There are several areas where native extensions will prove useful. These are making use of otherwise inaccessible device features, reusing legacy code or existing libraries, and improving the performance of critical code. Since they are easy to distribute and have developer-friendly ActionScript APIs, we can expect to see a proliferation of native extensions some of which will be widely adopted. Taken together, these three technologies make AIR more interesting than before, particularly as a cross-platform mobile toolkit. It is significant that the six new tablet apps, including Photoshop Touch, that were previewed by Adobe at MAX are built with Adobe AIR but delivered using the captive runtime, and make heavy use of native extensions.
MAX attendees also heard about new features coming to future versions of Flash.

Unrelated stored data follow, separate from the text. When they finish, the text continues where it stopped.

(* Let $0<\alpha<\beta<1$ and $t\geq1$. Let $\mathcal{P}_t'$ be the set of real polynomials $f$ of degree at most $t$ with $f(0)=0$ and $f(1)=1$. Any minimizer $f^\star\in\mathcal{P}_t'$ of \[ \frac{\max_{\lambda\in[0,\alpha]}|f(\lambda)|}{\min_{\lambda\in[\beta,1]}|f(\lambda)|} \] over $\mathcal{P}_t'$ is $t$-equioscillatory on $[0,\alpha]$.
   Context: A polynomial $f$ is called $t$-equioscillatory on an interval $[a,b]$ if there exist points $a\le\gamma_0<\gamma_1<\dots<\gamma_{t-1}\le b$ such that $|f(\gamma_s)|=\max_{\lambda\in[a,b]}|f(\lambda)|$ for all $0\le s\le t-1$ and $f(\gamma_0)=-f(\gamma_1)=f(\gamma_2)=-f(\gamma_3)=\cdots$. The objective is taken to be $+\infty$ when the denominator vanishes. *)

From HB Require Import structures.
From mathcomp Require Import all_boot all_order all_algebra.
From mathcomp Require Import all_classical all_reals.
From mathcomp Require Import ereal.
Set Implicit Arguments. Unset Strict Implicit. Unset Printing Implicit Defensive.
Import Order.TTheory GRing.Theory Num.Theory.
Local Open Scope ring_scope.
Local Open Scope classical_set_scope.

Section Defs.
Variable R : realType.

(* max_{lambda in [a,b]} |f(lambda)|  (attained for polynomials, so sup = max) *)
Definition pmax (f : {poly R}) (a b : R) : R :=
  sup [set `|f.[x]| | x in [set x : R | a <= x <= b]].

Definition pmin (f : {poly R}) (a b : R) : R :=
  inf [set `|f.[x]| | x in [set x : R | a <= x <= b]].

Definition Pt' (t : nat) : set {poly R} :=
  [set f : {poly R} | (size f <= t.+1)%N /\ f.[0] = 0 /\ f.[1] = 1].

Definition ratio_obj (alpha beta : R) (f : {poly R}) : \bar R :=
  if pmin f beta 1 == 0 then +oo%E
  else (pmax f 0 alpha / pmin f beta 1)%:E.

Among the most significant is concurrent programming for ActionScript. This will look similar to JavaScript's web workers, and while it will not give developers complete freedom to use multiple threads, it will be relatively safe and easy to code.
What about PhoneGap then, which is also a cross-platform toolkit for mobile? A good question, and one that Adobe will only answer in vague terms. "If you are building a rich game, use Flash. If you are building data-driven applications that are fundamentally pulling source from an end service into an application you can use HTML 5 and PhoneGap to get on those devices," Adobe's senior vice president David Wadhwani told me. Note, though, that he said "can use" to allow for the fact that mobile AIR also covers that second scenario, though currently on a smaller range of devices.
Follow the money
Adobe is hedging its bets, and the fact that it remains the Flash company may make it an uncomfortable home for Nitobi employees with their commitment to HTML and JavaScript rather than proprietary runtimes. Charland is aware of that tension, though he remarks in a blog post: "If you doubt Adobe's intentions, it's important to consider how Adobe makes money – it's from tools, services and solutions, not shipping runtimes."
Flash also remains important for web developers who need a consistent cross-browser platform for rich applications. Some came to MAX anxious for reassurance that Flash will not be abandoned. "It would be like returning to the browser wars," one developer told me.
That reassurance was evident at MAX. Flash is not dead, though it is becoming a specialist resource rather than something to stick on web pages to spice them up. Thank goodness.